[DATA FOR PROCESSING Boundary: Start]

(* Let $R,R'$ be parallelograms in $\mathbb{R}^2$ each having a pair of vertical edges, such that $I(R)=I(R')$, $U(R)\cap U(R')\neq\emptyset$, $R\cap R'\neq\emptyset$, and $H(R)\le H(R')$. Then $R\subseteq 7R'$. Moreover, if $7H(R)\le H(R')$, then $7R\subseteq 7R'$.
   Context: For a parallelogram $R$ with two vertical edges: the height $H(R)$ is the common length of the vertical edges; the shadow $I(R)$ is the projection of $R$ onto the $x$-axis; the central line segment is the segment joining the midpoints of the vertical edges; $U(R)$ is the set of slopes of (non-vertical) lines intersecting both vertical edges of $R$. For $C>0$, $CR$ denotes the parallelogram with the same central line segment as $R$ and height $C\,H(R)$. *)

From Stdlib Require Import Reals.
Open Scope R_scope.

(* A parallelogram with two vertical edges, parametrized by:
   its shadow [pa, pb] (pa < pb), the central line y = slope * x + icpt
   (the line through the midpoints of the two vertical edges), and its
   height ht > 0 (common length of the vertical edges).  Its vertices are
   (pa, slope*pa+icpt +- ht/2) and (pb, slope*pb+icpt +- ht/2). *)
Record para := Para {
  pa : R; pb : R; slope : R; icpt : R; ht : R;
  pab : pa < pb;
  pht : 0 < ht
}.

Definition region_h (P : para) (h : R) (p : R * R) : Prop :=
  pa P <= fst p <= pb P /\
  Rabs (snd p - (slope P * fst p + icpt P)) <= h / 2.

Definition region (P : para) : R * R -> Prop := region_h P (ht P).

(* C R : same central line segment, height C * H(R). *)
Definition scaled (C : R) (P : para) : R * R -> Prop := region_h P (C * ht P).

Definition H (P : para) : R := ht P.

Definition shadow (P : para) (x : R) : Prop := exists y, region P (x, y).

Definition left_edge (P : para) (p : R * R) : Prop :=
  fst p = pa P /\ Rabs (snd p - (slope P * pa P + icpt P)) <= ht P / 2.
Definition right_edge (P : para) (p : R * R) : Prop :=
  fst p = pb P /\ Rabs (snd p - (slope P * pb P + icpt P)) <= ht P / 2.

Definition U (P : para) (s : R) : Prop :=
  exists t : R,
    (exists p, left_edge P p /\ snd p = s * fst p + t) /\
    (exists q, right_edge P q /\ snd q = s * fst q + t).

(* Equal shadows give R and R' the same endpoints a < b.  A line of a common
   slope s that meets both vertical edges of a parallelogram stays inside it
   over [a, b], so R contains a segment of y = s x + t and R' one of
   y = s x + t'.  Evaluating at the abscissa of a common point of R and R'
   gives |t - t'| <= H + H', hence the central lines of R and R' are at
   vertical distance at most 3 (H + H') / 2 <= 3 H' over [a, b], which
   leaves room for a vertical half-extent of H' / 2 on top (7 = 1 + 2 * 3). *)
From Stdlib Require Import Reals Lra Psatz.
Open Scope R_scope.

Lemma Rabs_le_bounds (x K : R) : Rabs x <= K <-> -K <= x <= K.
Proof. unfold Rabs; destruct (Rcase_abs x); split; intros; lra. Qed.

Lemma Rabs_affine_le_interval (m c a b x K : R) :
  a <= x <= b -> Rabs (m * a + c) <= K -> Rabs (m * b + c) <= K ->
  Rabs (m * x + c) <= K.
Proof.
  rewrite !Rabs_le_bounds; intros [Hax Hxb] [Ha1 Ha2] [Hb1 Hb2].
  destruct (Req_dec a b) as [<- | Hab].
  { replace x with a by lra; lra. }
  (* [m x + c] is a convex combination of its values at [a] and [b]. *)
  assert (E : (b - a) * (m * x + c) = (b - x) * (m * a + c) + (x - a) * (m * b + c))
    by ring.
  split; nra.
Qed.

Definition center (P : para) (x : R) : R := slope P * x + icpt P.

Lemma region_h_le (P : para) (h1 h2 : R) (p : R * R) :
  h1 <= h2 -> region_h P h1 p -> region_h P h2 p.
Proof. intros Hh [Hx Hy]; split; [exact Hx | lra]. Qed.

Lemma shadowE (P : para) (x : R) : shadow P x <-> pa P <= x <= pb P.
Proof.
  split.
  - intros [y [Hx _]]; exact Hx.
  - intros Hx; exists (center P x); split; [exact Hx |].
    unfold center; simpl; rewrite Rminus_diag, Rabs_R0.
    pose proof (pht P); lra.
Qed.

Lemma same_shadow_endpoints (P P' : para) :
  (forall x, shadow P x <-> shadow P' x) -> pa P = pa P' /\ pb P = pb P'.
Proof.
  intros Hsh.
  assert (Hiff : forall x, pa P <= x <= pb P <-> pa P' <= x <= pb P').
  { intros x; rewrite <- !shadowE; apply Hsh. }
  pose proof (pab P); pose proof (pab P').
  destruct (Hiff (pa P)) as [H1 _]; destruct (Hiff (pa P')) as [_ H2];
  destruct (Hiff (pb P)) as [H3 _]; destruct (Hiff (pb P')) as [_ H4].
  specialize (H1 ltac:(lra)); specialize (H2 ltac:(lra));
  specialize (H3 ltac:(lra)); specialize (H4 ltac:(lra)).
  lra.
Qed.

Lemma U_line_in_region (P : para) (s : R) :
  U P s -> exists t, forall x, pa P <= x <= pb P -> region P (x, s * x + t).
Proof.
  intros [t [[[u v] [[Hu Hv] Hl]] [[u' v'] [[Hu' Hv'] Hr]]]]; simpl in *.
  rewrite Hl, Hu in Hv; rewrite Hr, Hu' in Hv'.
  exists t; intros x Hx; split; [exact Hx |]; simpl.
  replace (s * x + t - (slope P * x + icpt P))
    with ((s - slope P) * x + (t - icpt P)) by ring.
  apply (Rabs_affine_le_interval _ _ (pa P) (pb P) _ _ Hx).
  - replace ((s - slope P) * pa P + (t - icpt P))
      with (s * pa P + t - (slope P * pa P + icpt P)) by ring; exact Hv.
  - replace ((s - slope P) * pb P + (t - icpt P))
      with (s * pb P + t - (slope P * pb P + icpt P)) by ring; exact Hv'.
Qed.

Lemma centers_close (P P' : para) (s : R) :
  pa P = pa P' -> pb P = pb P' -> U P s -> U P' s ->
  (exists p, region P p /\ region P' p) ->
  forall x, pa P <= x <= pb P ->
  Rabs (center P x - center P' x) <= 3 * (ht P + ht P') / 2.
Proof.
  intros Ea Eb HU HU' [[x0 y0] [[Hx0 Hy0] [_ Hy0']]] x Hx.
  destruct (U_line_in_region P s HU) as [t Ht].
  destruct (U_line_in_region P' s HU') as [t' Ht'].
  rewrite <- Ea, <- Eb in Ht'.
  destruct (Ht x0 Hx0) as [_ Hl0]; destruct (Ht' x0 Hx0) as [_ Hl0'].
  destruct (Ht x Hx) as [_ Hl]; destruct (Ht' x Hx) as [_ Hl'].
  simpl in *; unfold center.
  rewrite Rabs_le_bounds in Hy0, Hy0', Hl0, Hl0', Hl, Hl' |- *.
  lra.
Qed.

Lemma region_h_shift_center (P P' : para) (h d : R) (p : R * R) :
  pa P = pa P' -> pb P = pb P' ->
  (forall x, pa P <= x <= pb P -> Rabs (center P x - center P' x) <= d) ->
  region_h P h p -> region_h P' (h + 2 * d) p.
Proof.
  intros Ea Eb Hd [Hx Hy]; split; [rewrite <- Ea, <- Eb; exact Hx |].
  specialize (Hd _ Hx); unfold center in Hd.
  rewrite Rabs_le_bounds in Hy, Hd |- *; lra.
Qed.

Theorem lemma3p1 (P P' : para) :
  (forall x, shadow P x <-> shadow P' x) ->
  (exists s, U P s /\ U P' s) ->
  (exists p, region P p /\ region P' p) ->
  H P <= H P' ->
  (forall p, region P p -> scaled 7 P' p) /\
  (7 * H P <= H P' -> forall p, scaled 7 P p -> scaled 7 P' p).
Proof.
  unfold H, scaled, region; intros Hsh [s [HU HU']] Hmeet Hh.
  destruct (same_shadow_endpoints P P' Hsh) as [Ea Eb].
  pose proof (centers_close P P' s Ea Eb HU HU' Hmeet) as Hd.
  pose proof (pht P); split.
  - intros p Hp; apply (region_h_le P' (ht P + 2 * (3 * (ht P + ht P') / 2))); [lra |].
    exact (region_h_shift_center P P' _ _ p Ea Eb Hd Hp).
  - intros H7 p Hp; apply (region_h_le P' (7 * ht P + 2 * (3 * (ht P + ht P') / 2))); [lra |].
    exact (region_h_shift_center P P' _ _ p Ea Eb Hd Hp).
Qed.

[DATA FOR PROCESSING Boundary: End]

EXERCISE REQUIREMENTS:
Retype exactly the lines above, from the one with "fst p = pb P" through the one with "(* [m x + c] is", inclusive.

EXPECTED ANSWER:
  fst p = pb P /\ Rabs (snd p - (slope P * pb P + icpt P)) <= ht P / 2.

Definition U (P : para) (s : R) : Prop :=
  exists t : R,
    (exists p, left_edge P p /\ snd p = s * fst p + t) /\
    (exists q, right_edge P q /\ snd q = s * fst q + t).

(* Equal shadows give R and R' the same endpoints a < b.  A line of a common
   slope s that meets both vertical edges of a parallelogram stays inside it
   over [a, b], so R contains a segment of y = s x + t and R' one of
   y = s x + t'.  Evaluating at the abscissa of a common point of R and R'
   gives |t - t'| <= H + H', hence the central lines of R and R' are at
   vertical distance at most 3 (H + H') / 2 <= 3 H' over [a, b], which
   leaves room for a vertical half-extent of H' / 2 on top (7 = 1 + 2 * 3). *)
From Stdlib Require Import Reals Lra Psatz.
Open Scope R_scope.

Lemma Rabs_le_bounds (x K : R) : Rabs x <= K <-> -K <= x <= K.
Proof. unfold Rabs; destruct (Rcase_abs x); split; intros; lra. Qed.

Lemma Rabs_affine_le_interval (m c a b x K : R) :
  a <= x <= b -> Rabs (m * a + c) <= K -> Rabs (m * b + c) <= K ->
  Rabs (m * x + c) <= K.
Proof.
  rewrite !Rabs_le_bounds; intros [Hax Hxb] [Ha1 Ha2] [Hb1 Hb2].
  destruct (Req_dec a b) as [<- | Hab].
  { replace x with a by lra; lra. }
  (* [m x + c] is a convex combination of its values at [a] and [b]. *)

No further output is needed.